Oh...and the snakes...I agree I am not fond of Mr. No Shoulders either and have been wearing waders with snake chaps over them in that spot and will be doing so during the next couple of months of cutting!


----------



## waddler (Jan 29, 2013)

Stagnant areas can grow Duck Weed and Dollar Pads. There are micro organisms called Dapne ???, (or something like that ) which can be bought and put in the pond if it never dries up.

Selective cutting of trees around the area to favor Water Oaks will help. Woodies and Mallards will feed on acorns on dry land near water.


----------



## Killer Kyle (Jan 29, 2013)

Maybe a few duck boxes to get them in the area?!


----------



## BULL SPRIG 88 (Jan 29, 2013)

Yeah, we'll definitely be putting in some wood duck boxes this spring.  Might miss this year's breeding ducks but they'll be in place for next year.  The current schedule is to begin cutting trees in early March and clean up the fallen timber as best we can.  Our first goal is to open it up a bit so there is a landing area.

Since we can't control the water levels, I guess we're gonna have to work with what we've got.  We'll try to put in some Jap millet if the water level drops (but doubt it will).  I guess our only other option is to plant aquatic species like duckweed.  I have heard that it can overtake an entire area though.  

Anyone have any input on the best thing to put in this hole assuming the water level doesn't recede?  Rice (which I've heard requires a lot of manipulation and care)?

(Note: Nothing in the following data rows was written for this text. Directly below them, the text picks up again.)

Lemma root_minCpoly_int_poly (x y : algC) (Q : {poly algC}) :
  root (minCpoly x) y -> Q \is a polyOver Num.int -> root Q x -> root Q y.
Proof.
move=> y_conj /floorpP[qz ->] /eqP qz_x.
have [p [Dp _] min_p] := minCpolyP x.
pose q := map_poly (intr : int -> rat) qz.
have Dq : map_poly intr qz = map_poly ratr q :> {poly algC}.
  by apply/polyP => i; rewrite /q !coef_map /= ratr_int.
have p_dvd_q : (p %| q)%R by rewrite -min_p -Dq; apply/eqP.
by rewrite Dq; apply: root_dvdp y_conj; rewrite Dp dvdp_map.
Qed.

Lemma root_minCpoly_sym (x y : algC) : root (minCpoly x) y -> root (minCpoly y) x.
Proof.
have [p [Dp p_monic] min_p] := minCpolyP x.
have [py [Dpy py_monic] min_py] := minCpolyP y.
move=> y_conj; have /dvdpP[K DK] : (py %| p)%R by rewrite -min_py -Dp.
have : root (map_poly ratr p) x by rewrite -Dp root_minCpoly.
rewrite DK rmorphM rootM => /orP [K_x|]; last by rewrite Dpy.
have p_neq0 := monic_neq0 p_monic.
have K_neq0 : K != 0 by apply: contraNneq p_neq0; rewrite DK => ->; rewrite mul0r.
have py_neq0 := monic_neq0 py_monic.
have p_dvd_K : (p %| K)%R by rewrite -min_p.
have := dvdp_leq K_neq0 p_dvd_K; rewrite DK size_mul //.
have := size_minCpoly y; rewrite Dpy size_map_poly.
by case: (size py) => [|[|m]] //= _; rewrite !addnS /= ltnNge leq_addr.
Qed.

Definition half_diff (a b : bool) : algC := if a == b then 0 else digit a.

Lemma digitB a b : digit a - digit b = 2 * half_diff a b.
Proof. by case: a; case: b; rewrite /half_diff /digit /= ?subrr ?mulr0 //; ring. Qed.

Lemma half_diff_int a b : half_diff a b \in Num.int.
Proof. by case: a; case: b; rewrite /half_diff /digit /= ?rpredN ?rpred1 ?rpred0. Qed.

Lemma half_diff_le1 a b : `|half_diff a b| <= 1.
Proof. by case: a; case: b; rewrite /half_diff /digit /= ?normrN ?normr1 ?normr0 ?ler01. Qed.

Lemma half_diff_eq0 a b : half_diff a b = 0 -> a = b.
Proof. by case: a; case: b; rewrite /half_diff /digit //= => /eqP; rewrite ?oppr_eq0 oner_eq0. Qed.

Definition digit_diffs n (a b : 'I_n -> bool) (k : nat) : algC :=
  if insub k is Some i then half_diff (a i) (b i) else 0.

Lemma digit_diffs_ord n (a b : 'I_n -> bool) (i : 'I_n) :
  digit_diffs a b i = half_diff (a i) (b i).
Proof. by rewrite /digit_diffs valK. Qed.

Lemma digit_diffs_int n (a b : 'I_n -> bool) k : digit_diffs a b k \in Num.int.
Proof. by rewrite /digit_diffs; case: insub => [i|]; rewrite ?half_diff_int ?rpred0. Qed.

Lemma digit_diffs_le1 n (a b : 'I_n -> bool) k : `|digit_diffs a b k| <= 1.
Proof. by rewrite /digit_diffs; case: insub => [i|]; rewrite ?half_diff_le1 ?normr0 ?ler01. Qed.

Section Expansion.
Variable F : fieldType.
Implicit Types (e : nat -> F) (c : F).

Definition expansion n e c : F := \sum_(k < n) e k * c^-1 ^+ k.

Definition expansion_poly n e : {poly F} := \sum_(k < n) e k *: 'X^(n.-1 - k).

Lemma expansion_recr n e c : expansion n.+1 e c = expansion n e c + e n * c^-1 ^+ n.
Proof. exact: big_ord_recr. Qed.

Duckweed?


----------



## ThunderRoad (Jan 29, 2013)

Just plant corn around the edges of the water


----------



## labradoodle (Jan 29, 2013)

corn doesnt seem like it will work well there, not enough sunlight, the bagged variety yes. i vote millet'


----------



## Buckseye (Jan 29, 2013)

I used to hunt a beaver swamp that looked exactly like your picture. We got water that would come up to the waist but we cleared about a half acre in there and the wood duck numbers nearly doubled the following year and that is without planting. 

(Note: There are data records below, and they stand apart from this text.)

(* Let $(\hat x_0,\chi,\lambda_0,\bar\varepsilon)\in \mathrm{dom}\, h\times[0,1)\times\mathbb{R}_{++}\times\mathbb{R}_{++}$ and run the method U-CS$(\hat x_0,\chi,\lambda_0,\bar\varepsilon)$ described in the context. Let $(\mu,\nu)=(\mu(\phi),\mu(h))$ and \[ Q(\bar\varepsilon)=\frac{8M_f^2}{(1-\chi)^2}+\bar\varepsilon\left(\lambda_0^{-1}+\frac{2L_f}{(1-\chi)^2}\right). \] Then U-CS terminates in at most \[ \min\left\{\min\left[\frac{1}{\chi}\left(1+\frac{Q(\bar\varepsilon)}{\mu\bar\varepsilon}\right),\ 1+\frac{Q(\bar\varepsilon)}{\nu\bar\varepsilon}\right]\log\left(1+\frac{\mu d_0^2}{\bar\varepsilon}\right),\ \frac{d_0^2Q(\bar\varepsilon)}{\bar\varepsilon^2}\right\}+\left\lceil 2\log\frac{\lambda_0 Q(\bar\varepsilon)}{\bar\varepsilon}\right\rceil \] iterations.
   Context: Setting: $f,h:\mathbb{R}^n\to\mathbb{R}\cup\{+\infty\}$ are proper lower semicontinuous convex functions with $\mathrm{dom}\, h\subseteq\mathrm{dom}\, f$, $\phi=f+h$, $\phi_*=\inf_x\phi(x)$. A subgradient oracle $f':\mathrm{dom}\, h\to\mathbb{R}^n$ with $f'(x)\in\partial f(x)$ is available, and there are $M_f,L_f\ge0$ with $\|f'(x)-f'(y)\|\le 2M_f+L_f\|x-y\|$ for all $x,y\in\mathrm{dom}\, h$. The set $X_*$ of minimizers of $\phi$ is nonempty. For $x\in\mathrm{dom}\, h$, $\ell_f(u;x):=f(x)+\langle f'(x),u-x\rangle$. For a proper convex function $\psi$, $\mu(\psi)$ denotes the largest $\mu\ge0$ such that $\psi-\frac{\mu}{2}\|\cdot\|^2$ is convex. $d_0:=\min\{\|x-\hat x_0\|:x\in X_*\}$; $\log$ is the natural logarithm. Method U-CS$(\hat x_0,\chi,\lambda_0,\bar\varepsilon)$: Step 0: set $\lambda=\lambda_0$, $k=1$. Step 1: compute $x=\mathrm{argmin}_{u\in\mathbb{R}^n}\{\ell_f(u;\hat x_{k-1})+h(u)+\frac{1}{2\lambda}\|u-\hat x_{k-1}\|^2\}$; if $\phi(x)-\phi_*\le\bar\varepsilon$, stop. Step 2: if $f(x)-\ell_f(x;\hat x_{k-1})-(1-\chi)\|x-\hat x_{k-1}\|^2/(2\lambda)\le(1-\chi)\bar\varepsilon/2$ does not hold, set $\lambda=\lambda/2$ and go to Step 1; else set $\lambda_k=\lambda$, $\hat x_k=x$, $k\leftarrow k+1$, and go to Step 1. Conventions: $1/0=+\infty$; when $\mu=0$ the first entry of the outer minimum is interpreted as $+\infty$ (so the first term of the bound equals $d_0^2Q(\bar\varepsilon)/\bar\varepsilon^2$). *)

From HB Require Import structures.
From mathcomp Require Import all_boot all_order all_algebra.
From mathcomp Require Import all_classical all_reals.
From mathcomp Require Import ereal exp.
Set Implicit Arguments. Unset Strict Implicit. Unset Printing Implicit Defensive.
Import Order.TTheory GRing.Theory Num.Theory.
Local Open Scope classical_set_scope.
Local Open Scope ring_scope.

Not sure if you're planning on building a blind or not but we didn't have the resources to build one so we just cut the trees at chest height and would build up some brush and just stand close to them. It works if you are only hunting with a small group otherwise there's the risk of crossfire.

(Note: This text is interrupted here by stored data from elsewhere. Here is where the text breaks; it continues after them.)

Lemma cderive_cpowp_1m g w t : let z s := Cminus 1 (Cmult (RtoC s) w) in
  0 < Re (z t) ->
  cderive (fun s => cpowp (z s) g) t (Cmult (cpowp (z t) g) (Cmult (RtoC (- g)) (Cdiv w (z t)))).
Proof.
  intros z Hp.
  apply (cderive_ext (fun s => Cmult (RtoC (exp (g * (ln (Re (z s) ^ 2 + Im (z s) ^ 2) / 2))))
                                     (ce (g * atan (Im (z s) / Re (z s)))))).
  { intro s. unfold cpowp, argp, Rpower. rewrite ln_Cmod. reflexivity. }
  unfold cpowp, argp, Rpower. rewrite ln_Cmod.
  revert Hp. unfold z, cderive, ce, Re, Im. destruct w as [a b]. simpl. intros Hp.
  assert (0 < (1 + - (t * a - 0 * b)) * ((1 + - (t * a - 0 * b)) * 1) +
              (0 + - (t * b + 0 * a)) * ((0 + - (t * b + 0 * a)) * 1)) by nra.
  split.
  - auto_derive.
    + repeat split; try nra; lra.
    + unfold Cinv, Cminus, Cmult, Copp, Cplus; simpl.
      set (E := exp _). set (c := cos _). set (s := sin _).
      field. repeat split; try nra; try lra.
  - auto_derive.
    + repeat split; try nra; lra.
    + unfold Cinv, Cminus, Cmult, Copp, Cplus; simpl.
      set (E := exp _). set (c := cos _). set (s := sin _).
      field. repeat split; try nra; try lra.
Qed.

(** * Truncated binomial series *)

Lemma gcoef_0 g : gcoef g 0 = 1.
Proof. unfold gcoef; simpl; ring. Qed.

Lemma gcoef_S g k : gcoef g (S k) = gcoef g k * (INR k - g) / INR (S k).
Proof.
  unfold gcoef. change (gbinom g (S k)) with (gbinom g k * (g - INR k) / INR (S k)).
  change ((-1) ^ S k) with (-1 * (-1) ^ k).
  assert (INR (S k) <> 0) by (apply not_0_INR; lia).
  field; auto.
Qed.

Lemma Rabs_gcoef_le1 g k : -1 <= g <= 1 -> Rabs (gcoef g k) <= 1.
Proof.
  intros Hg. induction k as [|k IH].
  - rewrite gcoef_0, Rabs_R1; lra.
  - rewrite gcoef_S, S_INR. pose proof (pos_INR k).
    unfold Rdiv. rewrite !Rabs_mult, Rabs_inv, (Rabs_right (INR k + 1)) by lra.
    assert (Rabs (INR k - g) <= INR k + 1) by (apply Rabs_le; lra).
    assert (Rabs (INR k - g) * / (INR k + 1) <= 1).
    { apply (Rmult_le_reg_r (INR k + 1)); [lra|].
      rewrite Rmult_assoc, Rinv_l by lra. lra. }
    pose proof (Rabs_pos (gcoef g k)).
    rewrite Rmult_assoc. apply Rle_trans with (1 * 1); [|lra].
    apply Rmult_le_compat; try lra.
    apply Rmult_le_pos; [apply Rabs_pos|left; apply Rinv_0_lt_compat; lra].
Qed.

And another tip that took us a year to figure out. May not be a problem in only shin deep water but our swamp would dry up each summer so we cut down a boat load to open it up. Then come hunting season we had about 45 trees to climb over to get to our hole... Not exactly ideal for wanting to be in the blind by 6:15. So if you're consistently shin deep water no worries but on the off chance you get a little more rain one month, cut your trees up into manageable logs and make a path. Saves time and frustration. Keep us updated with pictures and best of luck with the planting. I never could get anything to grow well.


----------



## MudDucker (Jan 30, 2013)

Time and money cures all ills.  Clear a hole and bring in some smartweed and duckweed.


----------



## mbentle2 (Jan 30, 2013)

I have cleared out holes for more open water before and it will help. You could use the logs and limbs to make a blind. Also dont cut any oaks and you could thin the edges a little to help the oaks out but i wouldnt thin to much.


----------



## Flaustin1 (Jan 30, 2013)

Open it up, cut a ditch and build a gate.  plant it.  when whatever you plant matures, close the gate and pray for rain.  Its a risk but it can have great rewards.


----------



## hoytslanger87 (Jan 30, 2013)

Moist soil managment. Cut out some holes drain the water let the natural plants growthen flood it in the fall.


----------



## BULL SPRIG 88 (Jan 30, 2013)

The challenge with this area is twofold:

1) In total, it's about a 10 acre low area.  7 acres are on our farm that we own.  The other 3 acres is a finger onto someone else's property so I can't really manipulate the water to drain for planting.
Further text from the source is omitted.